Don Pullen, applications engineer with Texas Instruments Inc.’s Linear Products Div., Dallas, sees the most recent evolutionary step as one in which the processor and its ADC and DAC cohorts are replaced with a signal processor dedicated to sensing operations (Fig. 1d). Raising the level of integration and replacing the standard microprocessor with an intelligent device specifically designed for the application gives sensor designers the advantages of programmability, low power consumption, and superior linear performance.
These sensor-signal processors can condition the analog signal from the transducer using a combination of hardware and software. Sensor linearization, for example, often includes piece-wise linear approximation of the sensor’s output characteristics by selecting a number of segments.

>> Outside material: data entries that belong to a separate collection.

Lemma wo_initial_segment :
  exists2 J : set I, injects_into I J & forall j, J j -> ~ injects_into I (wo_lt^~ j).
Proof.
have [[a Ia] | none] := pselect (exists a, injects_into I (wo_lt^~ a)).
  have [m Im minm] := @wo_le_minimum (fun a => injects_into I (wo_lt^~ a)) (ex_intro _ a Ia).
  exists (wo_lt^~ m) => // j [jm neq] Ij.
  by apply: neq; apply: wo_le_anti => //; exact: minm.
by exists setT => [|j _ Ij]; [exists id | apply: none; exists j].
Qed.

Section Recursion.
Variables (X : pointedType) (C : I -> set X).

Definition wo_choice : I -> X := Fix wo_lt_wf (fun=> X)
  (fun j rec => get [set z | C j z /\ forall k (h : wo_lt k j), z <> rec k h]).

Lemma wo_choiceE j :
  wo_choice j = get [set z | C j z /\ forall k, wo_lt k j -> z <> wo_choice k].
Proof.
rewrite /wo_choice Fix_eq // => a f g fg.
by have -> : f = g by apply: functional_extensionality_dep => k; apply: funext.
Qed.

(* Fewer than |I| earlier choices cannot exhaust a set receiving an injection of I. *)
Lemma wo_choiceP j : injects_into I (C j) -> ~ injects_into I (wo_lt^~ j) ->
  C j (wo_choice j) /\ forall k, wo_lt k j -> wo_choice j <> wo_choice k.
Proof.
move=> [e einj eC] small; rewrite wo_choiceE.
apply: (@getPex _ [set z | C j z /\ forall k, wo_lt k j -> z <> wo_choice k]).
apply: contrapT => none; apply: small.
have /choice [g gP] i : exists k, wo_lt k j /\ e i = wo_choice k.
  apply: contrapT => nk; apply: none; exists (e i); split; first exact: eC.
  by move=> k kj eik; apply: nk; exists k.
exists g => [i i' gii'|_ [i _ <-]]; last exact: (gP i).1.
by apply: einj; rewrite (gP i).2 (gP i').2 gii'.
Qed.

End Recursion.

End TransfiniteChoice.

Lemma transfinite_injective_choice (I : eqType) :
  exists2 J : set I, injects_into I J &
    forall (X : pointedType) (D : set I) (C : I -> set X), D `<=` J ->
    (forall j, D j -> injects_into I (C j)) ->
    exists2 x : I -> X, (forall j, D j -> C j (x j)) & set_inj D x.
Proof.
have [J IJ small] := wo_initial_segment I.
exists J => // X D C DJ IC; exists (@wo_choice I X C) => [j Dj|j k /[!inE] Dj Dk ejk].
  exact: (wo_choiceP (IC j Dj) (small j (DJ j Dj))).1.
apply: contrapT => neq.
have /orP[jk|kj] := wo_le_total j k.
  exact: (wo_choiceP (IC k Dk) (small k (DJ k Dk))).2 j (conj jk neq) (esym ejk).
have kj' : wo_lt k j by split => // /esym.
exact: (wo_choiceP (IC j Dj) (small j (DJ j Dj))).2 k kj' ejk.
Qed.

Lemma ballE (K : numFieldType) (V : normedModType K) (x y : V) (e : K) :
  ball x e y = (`|x - y| < e).
Proof. by rewrite -ball_normE. Qed.

Lemma natSinv_lt (R : archiRealFieldType) (e : R) : 0 < e -> exists n, (n.+1%:R)^-1 < e.
Proof.
move=> e0; exists (Num.truncn e^-1); have := truncnS_gt e^-1.
by set n := Num.truncn _ => ?; rewrite -[e]invrK ltf_pV2 ?posrE ?invr_gt0.
Qed.

Definition cylinder (a : cantor_space) (n : nat) : set cantor_space :=
  [set b | forall i, (i < n)%N -> b i = a i].

Lemma cylinder_open a n : open (cylinder a n).
Proof.
elim: n => [|n IH].
  by rewrite (_ : cylinder a 0 = setT); [exact: openT | apply/seteqP; split].
rewrite (_ : cylinder a n.+1 = cylinder a n `&` (proj n @^-1` [set a n])).
  apply: openI => //; apply: open_comp; last exact: discrete_open.
  by move=> x _; exact: proj_continuous.
apply/seteqP; split => b /=.
  by move=> h; split; [move=> i hi; apply: h; apply: ltnW | apply: h].
by move=> [h1 h2] i; rewrite ltnS leq_eqVlt => /orP[/eqP-> | /h1].
Qed.

Lemma cylinder_nbhs a n : nbhs a (cylinder a n).
Proof. by apply: open_nbhs_nbhs; split; [exact: cylinder_open|]. Qed.

Section CantorScheme.
Variables (R : realType) (P : set (cplx R)).
Hypothesis perfectP : perfect P.

Definition near_point (c : cplx R) (r : R) : cplx R :=
  get [set z | P z /\ z != c /\ `|c - z| < r / 2].

Lemma near_pointP c r : P c -> 0 < r ->
  P (near_point c r) /\ near_point c r != c /\ `|c - near_point c r| < r / 2.
Proof.
move=> Pc r0; apply: (@getPex _ [set z | P z /\ z != c /\ `|c - z| < r / 2]).
have [_ [_ lpP]] := perfectP; have : limit_point P c by rewrite lpP.
move=> /(_ (ball c (r / 2))) [|y [yc Py cy]]; first by apply: nbhsx_ballx; rewrite divr_gt0.
by exists y; split => //; split => //; rewrite -ballE.
Qed.

(* A node (c, r) has two children: the same centre and a nearby point c' of P,
   both with radius at most |c - c'| / 4, so the doubled child balls are disjoint
   and lie inside the parent ball. *)
Definition split_ball (cr : cplx R * R) (b : bool) : cplx R * R :=
  let c' := near_point cr.1 cr.2 in
  (if b then c' else cr.1, Num.min (cr.2 / 4) (`|cr.1 - c'| / 4)).

Fixpoint tree_ball (u : seq bool) : cplx R * R :=
  if u is b :: u' then split_ball (tree_ball u') b else (get P, 1).

Lemma tree_ballP u : P (tree_ball u).1 /\ 0 < (tree_ball u).2.
Proof.
elim: u => [|b u [Pc r0]] /=.
  by split => //; have [[z Pz] _] := perfectP; exact: (@getPex _ P (ex_intro _ z Pz)).
have [Pc' [c'c _]] := near_pointP Pc r0.
split; first by case: b.
by rewrite lt_min !divr_gt0 // normr_gt0 subr_eq0 eq_sym.
Qed.

Lemma split_ball_sub u b :
  ball (tree_ball (b :: u)).1 (2 * (tree_ball (b :: u)).2) `<=`
  ball (tree_ball u).1 (tree_ball u).2.
Proof.
have [Pc r0] := tree_ballP u; have [_ [_ cc']] := near_pointP Pc r0.
move=> z; rewrite /= !ballE.
set c := (tree_ball u).1 in Pc cc' *; set r := (tree_ball u).2 in r0 cc' *.
set c' := near_point c r in cc' *; set m := Num.min _ _ => zm.
have mr : m <= r / 4 by rewrite ge_min lexx.
have cb : `|c - (if b then c' else c)| < r / 2.
  by case: (b) => //; rewrite subrr normr0 divr_gt0.
by rewrite (le_lt_trans (ler_distD (if b then c' else c) _ _)) //; lra.
Qed.

Lemma split_ball_disj u b b' z : b != b' ->
  ball (tree_ball (b :: u)).1 (2 * (tree_ball (b :: u)).2) z ->
  ~ ball (tree_ball (b' :: u)).1 (2 * (tree_ball (b' :: u)).2) z.
Proof.
rewrite !ballE /=; set c := (tree_ball u).1; set r := (tree_ball u).2.
set c' := near_point c r; set m := Num.min _ _.
have mc' : m <= `|c - c'| / 4 by rewrite ge_min lexx orbT.
have tri := ler_distD z c c'; rewrite [`|z - _|]distrC in tri.
by case: b b' => -[] //= _ h1 h2; lra.
Qed.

A good example is the nonlinear-response thermistor, used to measure temperature by monitoring the change in its resistance. The first step in linearizing the output is to introduce a resistor in parallel with the thermistor. This procedure results in a good approximation of a linear response. But even better accuracy can be achieved by using a simple algorithm that approximates the curve by a series of straight lines. Software-implemented multipoint approximation can even be adjusted to modify the characteristics of individual sensors to which the processor is attached, says Pullen.

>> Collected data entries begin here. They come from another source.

Lemma row_free_leq_cols (F : fieldType) m n (A : 'M[F]_(m, n)) :
  row_free A -> (m <= n)%N.
Proof. by move=> /eqP <-; apply: rank_leq_col. Qed.

Section MinWeight.
Variables (F : finFieldType) (n : nat).
Implicit Types (P : pred 'rV[F]_n) (x : 'rV[F]_n).

Lemma min_wt_le P x : P x -> x != 0 -> (min_wt P <= wt x)%N.
Proof. by move=> Px nzx; apply: (bigmin_leq (@wt F n)); rewrite Px nzx. Qed.

Lemma min_wt_eq P d :
  (forall x, P x -> x != 0 -> (d <= wt x)%N) ->
  (exists x, [/\ P x, x != 0 & (wt x <= d)%N]) -> min_wt P = d.
Proof.
move=> lb [x [Px nzx wtx]]; apply/eqP; rewrite eqn_leq (leq_trans (min_wt_le Px nzx)) //=.
apply: leq_bigmin => [|y /andP [Py nzy]]; last exact: lb.
by rewrite (leq_trans (lb _ Px nzx)) // (leq_trans (max_card _)) ?card_ord.
Qed.

End MinWeight.

Section Coordinates.
Variables (F : finFieldType) (n : nat) (T : {set 'I_n}).

(* [x *m coordmx T] lists the coordinates of x indexed by T (in the order of [enum T]);
   [w *m (coordmx T)^T] extends w by zero outside T. *)
Definition coordmx : 'M[F]_(n, #|T|) := colsub enum_val 1%:M.

Lemma mul_coordmx m (A : 'M[F]_(m, n)) : A *m coordmx = colsub enum_val A.
Proof. by rewrite mulmx_colsub mulmx1. Qed.

Lemma mul_coordmx_rank (x : 'rV[F]_n) j (jT : j \in T) :
  (x *m coordmx) 0 (enum_rank_in jT j) = x 0 j.
Proof. by rewrite mul_coordmx mxE enum_rankK_in. Qed.

Lemma coordmx_trK : coordmx^T *m coordmx = 1%:M.
Proof.
apply/matrixP => s t; rewrite mul_coordmx !mxE (inj_eq enum_val_inj).
by rewrite eq_sym.
Qed.
Lemma req_mulwV w : req (w ++ word_inv w) [::].
Proof.
elim: w => [|[a b] w IH] /=; first exact: re_refl.
rewrite word_inv_cons catA.
apply: (re_trans (v := (a, b) :: [::] ++ [:: (a, ~~ b)])).
  by apply: (req_catl [:: (a, b)]); apply: req_catr.
exact: (re_cancel E [::] [::] a b).
Qed.

Lemma req_mulVw w : req (word_inv w ++ w) [::].
Proof. by have := req_mulwV (word_inv w); rewrite word_invK. Qed.

Lemma req_cancel_r u w v : req (u ++ w ++ word_inv w ++ v) (u ++ v).
Proof. by apply: req_catl; rewrite catA -{2}(cat0s v); apply: req_catr; apply: req_mulwV. Qed.

Lemma req_cancel_l u w v : req (u ++ word_inv w ++ w ++ v) (u ++ v).
Proof. by apply: req_catl; rewrite catA -{2}(cat0s v); apply: req_catr; apply: req_mulVw. Qed.

Lemma req_transpose a b c d :
  req (a ++ b) (c ++ d) -> req (word_inv c ++ a) (d ++ word_inv b).
Proof.
move=> H.
apply: (re_trans (v := word_inv c ++ (a ++ b) ++ word_inv b)).
  by apply: re_sym; have := req_cancel_r (word_inv c ++ a) b [::]; rewrite !cats0 -!catA.
apply: (re_trans (v := word_inv c ++ (c ++ d) ++ word_inv b)).
  by apply: req_catl; apply: req_catr.
by rewrite -catA; apply: (req_cancel_l [::]).
Qed.

Hypothesis E_sym : forall x y, E x y -> E y x.

Lemma req_word_inv u v : req u v -> req (word_inv u) (word_inv v).
Proof.
elim=> {u v} [u|u v _ IH|u v x _ IH1 _ IH2|u v x b|u v x y b c Exy].
- exact: re_refl.
- exact: re_sym.
- exact: re_trans IH2.
- rewrite !word_inv_cat !word_inv_cons -!catA /= /inv_letter /= negbK; exact: re_cancel.
- rewrite !word_inv_cat !word_inv_cons -!catA /=; apply: re_comm; exact: E_sym.
Qed.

Smart sensors can be self-calibrating, or at the very least, make calibration easier. During final test, multiple sensing units can be multiplexed with a host computer that exercises each sensor individually and downloads the appropriate calibration constants to the device. Moreover, field calibration of the sensor can be simplified by adding a keyboard interface or LCD interface to the sensor. Then a handheld computer can calibrate the sensor. Software also provides a means of running diagnostics on both the sensor and the transmitter in the sensing system. Autodiagnostics range from watchdog timers to periodic self-testing routines during operation, says Pullen.
An outstanding example of a next-generation smart-sensing system on one chip can be seen in technology developed by Monolithic Sensors Inc., Rolling Meadows, Ill., to guage low pressures. Made entirely of silicon, it combines an air-pressure sensor, CMOS analog sensor circuitry, and CMOS digital interface circuitry on one device.
MSI creates the sensor with the aid of micromachining technology. The device is essentially a capacitor consisting of a pair of diaphragms. The capacitance value changes as one diaphragm plate flexes under air pressure (Fig. 2). Corrugations machined in the silicon allow the diaphragm to flex. Its movement is both linear and quite large, says Warren Graber, an MSI applications engineer. Capacitance can change by as much as 25% during operation, which makes for an easy-to-detect and accurate reading. In addition, linearity is one of the sensor’s primary advantages.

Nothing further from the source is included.